• Work task:
Look below for the line holding "suff -> : [set" and the line holding "Lemma lift_block_inj j". Repeat those two and everything between, exactly.

Data section start

(* Let $G_1,G_2$ be finite groups written additively, $H$ a subgroup of $G_1$, and $k\ge 2$. If there exist a $(G_1,H,k,1)$-BRDF and a $(G_2,k,1)$-HDM, then there exists a $(G_1\times G_2,H\times G_2,k,1)$-BRDF.
   Context: For a finite additive group $G$ with subgroup $H$, a $(G,H,k,\lambda)$-RDF is a collection of $k$-subsets of $G$ (base blocks) whose differences $x-y$ ($x\neq y$ in a common base block) cover every element of $G\setminus H$ exactly $\lambda$ times and no element of $H$. A $(G,H,k,\lambda)$-BRDF is such an RDF in which all base blocks are disjoint from $H$ and the base blocks together with their negatives $-B=\{-b:b\in B\}$ are pairwise disjoint. For a group $G$ of order $g$, a $(G,k,1)$ difference matrix is a $k\times g$ matrix with entries in $G$ such that, for any two distinct rows, the entrywise difference is a permutation of $G$; it is homogeneous (an HDM) if moreover every row is a permutation of $G$. *)

From HB Require Import structures.
From mathcomp Require Import all_boot all_order all_algebra.
Set Implicit Arguments. Unset Strict Implicit. Unset Printing Implicit Defensive.
Import GRing.Theory.
Local Open Scope ring_scope.

Definition is_addsubgroup (G : finZmodType) (H : {set G}) : Prop :=
  0 \in H /\ {in H &, forall x y, x - y \in H}.

Definition diff_count (G : finZmodType) (F : seq {set G}) (g : G) : nat :=
  \sum_(B <- F) #|[set xy in setX B B | (xy.1 != xy.2) && ((xy.1 - xy.2)%R == g)]|.

(* (G,H,k,lambda)-RDF; the base blocks form a list F (a collection, possibly
   with repetitions) *)
Definition is_RDF (G : finZmodType) (H : {set G}) (k lambda : nat)
    (F : seq {set G}) : Prop :=
  (forall B, B \in F -> #|B| = k) /\
  (forall g : G, g \notin H -> diff_count F g = lambda) /\
  (forall g : G, g \in H -> diff_count F g = 0%N).

Definition negset (G : finZmodType) (B : {set G}) : {set G} := [set - x | x in B].

Definition is_BRDF (G : finZmodType) (H : {set G}) (k lambda : nat)
    (F : seq {set G}) : Prop :=
  is_RDF H k lambda F /\
  (forall B, B \in F -> [disjoint B & H]) /\
  (let L := F ++ [seq negset B | B <- F] in
   forall i j : nat, (i < size L)%N -> (j < size L)%N -> i != j ->
     [disjoint nth set0 L i & nth set0 L j]).

Definition is_DM (G : finZmodType) (k : nat) (M : 'M[G]_(k, #|G|)) : Prop :=
  forall i i' : 'I_k, i != i' -> bijective (fun j : 'I_#|G| => M i j - M i' j).

Definition is_HDM (G : finZmodType) (k : nat) (M : 'M[G]_(k, #|G|)) : Prop :=
  is_DM M /\ forall i : 'I_k, bijective (fun j : 'I_#|G| => M i j).

(* direct product of finite additive groups: componentwise addition
   (the canonical zmodType on pairs), joined with the finite structure *)
HB.instance Definition _ (G1 G2 : finZmodType) := GRing.Zmodule.on (G1 * G2)%type.

From mathcomp Require Import all_boot all_order all_algebra.
Set Implicit Arguments. Unset Strict Implicit. Unset Printing Implicit Defensive.
Import GRing.Theory.

(* Enumerate each base block B of the BRDF as b_1, ..., b_k and, for every
   column j of the difference matrix M, take the block {(b_i, M i j) : i}.
   For i <> i' the column differences M i j - M i' j run through G2 exactly
   once, so every difference (d, h) occurs as often in the lifted family as d
   occurs in the original one. A point (x, y) lies in a lifted block of B only
   if x lies in B, and then, the rows of M being permutations, for at most one
   column j; hence each point is covered by the lifted blocks and their
   negatives at most as often as x is covered by the original ones. *)

Lemma count_sum_nat (T : Type) (a : pred T) (s : seq T) :
  count a s = \sum_(y <- s) (a y : nat).
Proof. by rewrite -sum1_count big_mkcond. Qed.

Lemma sum_nat_card (T : finType) (P : pred T) :
  \sum_(y : T) (P y : nat) = #|[set y | P y]|.
Proof.
by rewrite -sum1dep_card [RHS]big_mkcond; apply: eq_bigr => y _; case: (P y).
Qed.

Lemma nth_disjoint_countP (T : finType) (L : seq {set T}) :
  (forall i j : nat, (i < size L)%N -> (j < size L)%N -> i != j ->
     [disjoint nth set0 L i & nth set0 L j]) <->
  (forall x : T, (count (fun A : {set T} => x \in A) L <= 1)%N).
Proof.
elim: L => [|A L IH] /=; first by split=> // _ i j.
have count_cons x :
    ((x \in A) + count (fun B : {set T} => x \in B) L <= 1)%N =
    (count (fun B : {set T} => x \in B) L <= 1)%N &&
    ((x \in A) ==> ~~ has (fun B : {set T} => x \in B) L).
  by rewrite has_count; case: (x \in A); case: (count _ L) => [|[]].
split=> [disj x | le1].
  rewrite count_cons; apply/andP; split.
    by apply: (proj1 IH) => i j lti ltj ij; apply: (disj i.+1 j.+1).
  apply/implyP => xA; apply/hasPn => _ /(nthP set0) [j ltj <-].
  by rewrite (disjointFr (disj 0%N j.+1 isT ltj isT) xA).
have disjA j : (j < size L)%N -> [disjoint A & nth set0 L j].
  move=> ltj; apply/pred0P => x /=; apply/negbTE/negP => /andP [xA xB].
  have := le1 x; rewrite count_cons xA /= => /andP [_ /hasPn].
  by move/(_ _ (mem_nth set0 ltj)); rewrite xB.
have le1L x : (count (fun B : {set T} => x \in B) L <= 1)%N.
  by have := le1 x; rewrite count_cons => /andP [].
case=> [|i] [|j] //= lti ltj ij; first exact: disjA.
  by rewrite disjoint_sym; apply: disjA.
exact: (proj2 IH le1L).
Qed.

Section Blocks.

Variable G : finZmodType.

Definition block_diff_count (B : {set G}) (g : G) : nat :=
  #|[set xy in setX B B | (xy.1 != xy.2) && (xy.1 - xy.2 == g)%R]|.

Lemma diff_countE (F : seq {set G}) g :
  diff_count F g = \sum_(B <- F) block_diff_count B g.
Proof. by []. Qed.

Lemma block_diff_count_imset (X : finType) (f : X -> G) g : injective f ->
  block_diff_count [set f x | x : X] g =
  #|[set p : X * X | (p.1 != p.2) && (f p.1 - f p.2 == g)%R]|.
Proof.
move=> f_inj; pose f2 (p : X * X) := (f p.1, f p.2).
have f2_inj : injective f2 by move=> [a b] [c d] [/f_inj -> /f_inj ->].
rewrite -(card_imset _ f2_inj); apply: eq_card => -[u v]; apply/idP/imsetP.
- rewrite !inE /= => /andP [/andP [/imsetP [a _ ->] /imsetP [b _ ->]]].
  by rewrite (inj_eq f_inj) => ab; exists (a, b); rewrite ?inE.
- move=> [[a b] + [-> ->]]; rewrite !inE /= (inj_eq f_inj) => ->.
  by rewrite !imset_f.
Qed.

Definition block_enum (k : nat) (B : {set G}) (i : 'I_k) : G := nth 0%R (enum B) i.

Variables (k : nat) (B : {set G}).
Hypothesis cardB : #|B| = k.

Lemma block_enum_inj : injective (@block_enum k B).
Proof.
move=> i j /eqP; rewrite /block_enum nth_uniq ?enum_uniq -?cardE ?cardB //.
by move/eqP/val_inj.
Qed.

Lemma imset_block_enum : [set block_enum B i | i : 'I_k] = B.
Proof.
apply/setP => x; apply/imsetP/idP => [[i _ ->]|xB].
  by rewrite /block_enum -mem_enum mem_nth // -cardE cardB.
have ltxk : (index x (enum B) < k)%N by rewrite -cardB cardE index_mem mem_enum.
by exists (Ordinal ltxk); rewrite // /block_enum nth_index ?mem_enum.
Qed.

End Blocks.

Lemma mem_negset (G : finZmodType) (A : {set G}) x : (x \in negset A) = (- x \in A)%R.
Proof.
apply/imsetP/idP => [[y yA ->]|xA]; first by rewrite opprK.
by exists (- x)%R; rewrite ?opprK.
Qed.

Section LiftBlock.

Variables (G1 G2 : finZmodType) (k : nat) (M : 'M[G2]_(k, #|G2|)).

Lemma card_DM_diff_eq i i' h : is_DM M -> i != i' ->
  #|[set j | M i j - M i' j == h]%R| = 1%N.
Proof.
move=> DM_M /DM_M [col col_diffK diffK].
suff -> : [set j | M i j - M i' j == h]%R = [set col h] by rewrite cards1.
by apply/setP => j; rewrite !inE; apply/eqP/eqP => [<- | ->].
Qed.

Definition lift_block (b : 'I_k -> G1) (j : 'I_#|G2|) : {set (G1 * G2)%type} :=
  [set (b i, M i j) | i : 'I_k].

Variable b : 'I_k -> G1.
Hypothesis b_inj : injective b.

Lemma lift_block_inj j : injective (fun i => (b i, M i j)).
Proof. by move=> i i' [/b_inj]. Qed.

Lemma card_lift_block j : #|lift_block b j| = k.
Proof. by rewrite card_imset ?card_ord //; apply: lift_block_inj. Qed.

Lemma lift_block_fst j x : x \in lift_block b j -> x.1 \in [set b i | i : 'I_k].
Proof. by case/imsetP=> i _ -> /=; rewrite imset_f. Qed.

Lemma block_diff_count_lift j d h :
  block_diff_count (lift_block b j) (d, h) =
  #|[set p : 'I_k * 'I_k |
     (p.1 != p.2) && (b p.1 - b p.2 == d)%R && (M p.1 j - M p.2 j == h)%R]|.
Proof.
rewrite /lift_block (block_diff_count_imset _ (lift_block_inj (j := j))).
apply: eq_card => p; rewrite !inE /= xpair_eqE andbA; congr (_ && _ && _).
Qed.

Lemma sum_block_diff_count_lift d h : is_DM M ->
  \sum_(j < #|G2|) block_diff_count (lift_block b j) (d, h) =
  block_diff_count [set b i | i : 'I_k] d.
Proof.
move=> DM_M; under eq_bigr do rewrite block_diff_count_lift -sum_nat_card.
rewrite block_diff_count_imset // -sum_nat_card exchange_big /=.
apply: eq_bigr => p _.
have [/andP [p12 _] | _] := boolP ((p.1 != p.2) && (b p.1 - b p.2 == d)%R).
  by rewrite sum_nat_card (card_DM_diff_eq h DM_M p12).
by rewrite big1.
Qed.

Lemma sum_mem_lift_block x : (forall i, injective (fun j => M i j)) ->
  (\sum_(j < #|G2|) (x \in lift_block b j : nat) <= (x.1 \in [set b i | i : 'I_k]))%N.
Proof.
move=> rows_inj; rewrite sum_nat_card; have [_ | x1_notin] := boolP (x.1 \in _).
  apply/card_le1_eqP => j j'; rewrite !inE.
  by case/imsetP=> i _ -> /imsetP [i' _ [/b_inj <- /rows_inj]].
rewrite leqn0 cards_eq0; apply/eqP/setP => j; rewrite !inE.
exact/negbTE/(contra (@lift_block_fst j x)).
Qed.

End LiftBlock.

Section LiftBlocks.

Variables (G1 G2 : finZmodType) (k : nat) (M : 'M[G2]_(k, #|G2|)).
Variable F : seq {set G1}.
Hypothesis cardF : forall B, B \in F -> #|B| = k.

Definition lift_blocks : seq {set (G1 * G2)%type} :=
  [seq lift_block M (block_enum B) j | B <- F, j <- enum 'I_#|G2|].

Lemma sum_lift_blocks (E : {set (G1 * G2)%type} -> nat) :
  \sum_(A <- lift_blocks) E A =
  \sum_(B <- F) \sum_(j < #|G2|) E (lift_block M (block_enum B) j).
Proof. by rewrite big_allpairs_dep; apply: eq_bigr => B _; rewrite big_enum. Qed.

Lemma lift_blocks_card A : A \in lift_blocks -> #|A| = k.
Proof.
by case/allpairsP=> -[B j] [BF _ ->]; apply/card_lift_block/block_enum_inj/cardF.
Qed.

Lemma diff_count_lift_blocks d h : is_DM M ->
  diff_count lift_blocks (d, h) = diff_count F d.
Proof.
move=> DM_M; rewrite !diff_countE sum_lift_blocks big_seq [RHS]big_seq.
apply: eq_bigr => B /cardF cardB.
by rewrite sum_block_diff_count_lift ?imset_block_enum //; apply: block_enum_inj.
Qed.

Lemma lift_blocks_disjoint (H : {set G1}) A :
  (forall B, B \in F -> [disjoint B & H]) -> A \in lift_blocks ->
  [disjoint A & setX H [set: G2]].
Proof.
move=> disjFH /allpairsP [[B j] [BF _ ->]] /=.
rewrite disjoint_subset; apply/subsetP => x /lift_block_fst.
rewrite imset_block_enum ?cardF // => x1B.
by rewrite !inE negb_and (disjointFr (disjFH _ BF) x1B).
Qed.

Hypothesis rows_inj : forall i, injective (fun j => M i j).

Lemma count_mem_lift_blocks (x : G1 * G2) :
  (count (fun A : {set G1 * G2} => x \in A) lift_blocks <=
   count (fun B : {set G1} => x.1 \in B) F)%N.
Proof.
rewrite !count_sum_nat sum_lift_blocks big_seq [X in (_ <= X)%N]big_seq.
apply: leq_sum => B /cardF cardB; rewrite -{2}(imset_block_enum cardB).
exact: sum_mem_lift_block (block_enum_inj cardB) _ rows_inj.
Qed.

Lemma count_mem_lift_blocks_negset (x : G1 * G2) :
  (count (fun A : {set G1 * G2} => x \in A)
     (lift_blocks ++ [seq negset A | A <- lift_blocks]) <=
   count (fun B : {set G1} => x.1 \in B) (F ++ [seq negset B | B <- F]))%N.
Proof.
rewrite !count_cat !count_map leq_add ?count_mem_lift_blocks //.
have := count_mem_lift_blocks (- x)%R.
by congr (_ <= _)%N; apply: eq_count => A; rewrite /= mem_negset.
Qed.

End LiftBlocks.

Theorem mainTheorem14 (G1 G2 : finZmodType) (H : {set G1}) (k : nat) :
  is_addsubgroup H -> (2 <= k)%N ->
  (exists F : seq {set G1}, is_BRDF H k 1 F) ->
  (exists M : 'M[G2]_(k, #|G2|), is_HDM M) ->
  exists F' : seq {set (G1 * G2)%type}, is_BRDF (setX H [set: G2]) k 1 F'.
Proof.
move=> _ _ [F [[cardF [diff1 diff0]] [disjFH disjF]]] [M [DM_M rows_bij]].
have rows_inj i : injective (fun j => M i j) by apply/bij_inj/rows_bij.
exists (lift_blocks M F); split; [split; [|split] | split].
- exact: lift_blocks_card.
- move=> [d h]; rewrite in_setX in_setT andbT => dH.
  by rewrite diff_count_lift_blocks ?diff1.
- move=> [d h]; rewrite in_setX in_setT andbT => dH.
  by rewrite diff_count_lift_blocks ?diff0.
- by move=> A; apply: lift_blocks_disjoint.
move: disjF => /= /nth_disjoint_countP count_le1; apply/nth_disjoint_countP => x.
exact: leq_trans (count_mem_lift_blocks_negset cardF rows_inj x) (count_le1 x.1).
Qed.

Data section end

• Solution for this exercise:
suff -> : [set j | M i j - M i' j == h]%R = [set col h] by rewrite cards1.
by apply/setP => j; rewrite !inE; apply/eqP/eqP => [<- | ->].
Qed.

Definition lift_block (b : 'I_k -> G1) (j : 'I_#|G2|) : {set (G1 * G2)%type} :=
  [set (b i, M i j) | i : 'I_k].

Variable b : 'I_k -> G1.
Hypothesis b_inj : injective b.

Lemma lift_block_inj j : injective (fun i => (b i, M i j)).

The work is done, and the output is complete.